People’s willingness to report rape has changed a lot over time, as has the police’s willingness to prosecute in different circumstances. To really test whether the 2010 Equality Act has changed how rape is recorded, you would need to find a way of controling for all these cultural/societal changes. (Or, at least, to control for any changes which coincide with the introduction of the Act in 2010/11.)]
Rape, a male crime
Underlying Sullivan’s argument is the idea that rape is a “male crime”, and that this is something we will lose sight of if we allow trans women who are accused of rape to be recorded as women in official statistics.
The fact that 98% of rapes are committed by men2 can not and should not be ignored. But there are lots of different ways of understanding what it means to say that rape is a “male crime”.
On Sullivan’s account, this is explicitly tied to how UK law defines rape: rape occurs ‘when a person intentionally penetrates another's vagina, anus or mouth with a penis, without the other person's consent’.

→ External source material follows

(* Assume complete resource pooling and let $B^s=B\prod_{j=1}^J\beta_{s_j}$. For every permutation $(S_1,\ldots,S_J)$ of $\mathcal{S}$, binary words $w_1,\ldots,w_{J-1}$ and nonnegative integers $n_\ell,m_\ell,r_\ell$, with $\alpha_{(\ell)}=\alpha_{\mathcal{U}(\{S_1,\ldots,S_\ell\})}$ and the convention $0^0=1$, the processes $W,U,X,Y,V,R$ defined below have stationary distributions $$\pi_W(S_1,w_1,\ldots,w_{J-1},S_J)=B^s\prod_{\ell=1}^{J-1}\alpha_{(\ell)}^{\#0(w_\ell)}\beta_{\{S_{\ell+1},\ldots,S_J\}}^{\#1(w_\ell)},$$ $$\pi_U(S_1,n_1,m_1,\ldots,n_{J-1},m_{J-1},S_J)=B^s\prod_{\ell=1}^{J-1}\binom{n_\ell+m_\ell}{n_\ell}\alpha_{(\ell)}^{n_\ell}\beta_{\{S_{\ell+1},\ldots,S_J\}}^{m_\ell},$$ $$\pi_X(S_1,n_1,\ldots,n_{J-1},S_J)=B^s\prod_{\ell=1}^{J-1}\frac{\alpha_{(\ell)}^{n_\ell}}{\beta_{\{S_1,\ldots,S_\ell\}}^{n_\ell+1}},\qquad \pi_Y(S_1,m_1,\ldots,m_{J-1},S_J)=B^s\prod_{\ell=1}^{J-1}\frac{\beta_{\{S_{\ell+1},\ldots,S_J\}}^{m_\ell}}{\alpha_{\mathcal{C}(\{S_{\ell+1},\ldots,S_J\})}^{m_\ell+1}},$$ $$\pi_V(S_1,r_1,\ldots,r_{J-1},S_J)=B^s\prod_{\ell=1}^{J-1}\big(\alpha_{(\ell)}+\beta_{\{S_{\ell+1},\ldots,S_J\}}\big)^{r_\ell},\qquad \pi_R(S_1,\ldots,S_J)=B^s\prod_{\ell=1}^{J-1}\big(\beta_{\{S_1,\ldots,S_\ell\}}-\alpha_{(\ell)}\big)^{-1}.$$
   Context: Setting: finite type sets $\mathcal{C}=\{c_1,\ldots,c_I\}$, $\mathcal{S}=\{s_1,\ldots,s_J\}$, connected bipartite compatibility graph $G=(\mathcal{C},\mathcal{S},\mathcal{E})$, independent i.i.d. sequences $(c^m)_{m\in\mathbb{Z}}\sim\alpha$, $(s^n)_{n\in\mathbb{Z}}\sim\beta$ with positive probabilities. Notation: $\mathcal{C}(S)$ = customer types compatible with some type in $S$; $\mathcal{U}(S)=\mathcal{C}\setminus\mathcal{C}(\mathcal{S}\setminus S)$; $\alpha_C=\sum_{c\in C}\alpha_c$, $\beta_S=\sum_{s\in S}\beta_s$. Complete resource pooling: $\beta_S>\alpha_{\mathcal{U}(S)}$ for all nonempty proper $S\subsetneq\mathcal{S}$. $A$ is the a.s. unique (perfect) FCFS matching over $\mathbb{Z}$ (for each $(m,n)\in A$, every compatible $s^l$, $l<n$, is matched to some $c^k$, $k<m$, and every compatible $c^k$, $k<m$, to some $s^l$, $l<n$); for $(m,n)\in A$, $\tilde{s}^m=s^n$. At time $N$ customer-line position $m$ holds $\tilde{s}^m$ if $c^m$ is matched to a server of index $\le N$ (''exchanged server'') and $c^m$ otherwise (''unmatched customer''). $\underline{M}$ = first position with an unmatched customer, $\overline{M}$ = last position with an exchanged server, $\underline{N}$ = largest $p\le\overline{M}$ such that positions $p,\ldots,\overline{M}$ contain exchanged servers of all $J$ types. $\mathcal{Z}_N$ is the word in positions $\underline{N},\ldots,\overline{M}$; it has stationary distribution $\pi_{\mathcal{Z}}(\mathfrak{z})=B\prod_i\alpha_{c_i}^{\#c_i}\prod_j\beta_{s_j}^{\#s_j}$ for a constant $B>0$ (counts of types in $\mathfrak{z}$). Write $\mathcal{Z}_N=(S_1,\mathfrak{w}_1,S_2,\ldots,\mathfrak{w}_{J-1},S_J)$: $S_J$ is the type of the last entry $\tilde{s}^{\overline{M}}$, and recursively, for $j<J$, $S_j$ is the type of the last exchanged server in the word whose type differs from $S_{j+1},\ldots,S_J$; $\mathfrak{w}_\ell$ is the subword strictly between the occurrences of $S_\ell$ and $S_{\ell+1}$. $W_N=(S_1,w_1,\ldots,w_{J-1},S_J)$ where $w_\ell$ replaces each unmatched customer of $\mathfrak{w}_\ell$ by $0$ and each exchanged server by $1$; $\#0(w)$, $\#1(w)$ count zeros and ones. $X_N=(S_1,n_1,\ldots,n_{J-1},S_J)$ with $n_\ell=\#0(w_\ell)$; $Y_N=(S_1,m_1,\ldots,m_{J-1},S_J)$ with $m_\ell=\#1(w_\ell)$; $U_N=(S_1,n_1,m_1,\ldots,n_{J-1},m_{J-1},S_J)$; $V_N=(S_1,n_1+m_1,\ldots,n_{J-1}+m_{J-1},S_J)$; $R_N=(S_1,\ldots,S_J)$. *)

From Stdlib Require Import Reals List Arith Permutation Relations Binomial.
Import ListNotations.
Open Scope R_scope.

Therefore when Sullivan says that rape is a “male crime”, she seems to mean (a) that this crime requires a penis, and (b) that the presence of particular genitalia is what makes someone a man or a woman.
Focussing on the first part of that argument, it is important to remember that this is not how rape is defined in all countries. US federal law, for example, defines rape as ‘Penetration, no matter how slight, of the vagina or anus with any body part or object, or oral penetration by a sex organ of another person, without the consent of the victim’.
Does this mean that rape in the USA is not a “male crime”? Surely not.
The other side of this argument is whether the presence of a penis exhausts what it means for rape to be a “male crime”?
Now this is not my field of criminological expertise but, from my reading of the evidence, the presence of a penis is not a very useful explanation of why rape is so heavily gendered. In fact, commonsense understandings of rape as nonconsensual sex are arguably much more useful here, as they open the door to all of the many social, cultural and institutional factors that shape male sexual violence.
Conclusion
Ultimately, I see little evidence that recognising trans women as women has significantly changed the recording of rape statistics, or that insisting that the presence of a penis is what makes rape a “male crime” helps to further our understanding of crime (which is Sullivan’s stated ambition).
This claim would, as Jane Carnall points out, mean that “1 in 10 of the people who have obtained a [Gender Recognition Certificate] by providing medical records of their transition to a panel, have subsequently committed rape & been charged”.
This data comes from the Crime Survey for England and Wales 2020, which gives us yet another way of generating statistics about rape. The CSEW is a survey of the general population which asks people to describe crimes they may have been a victim of.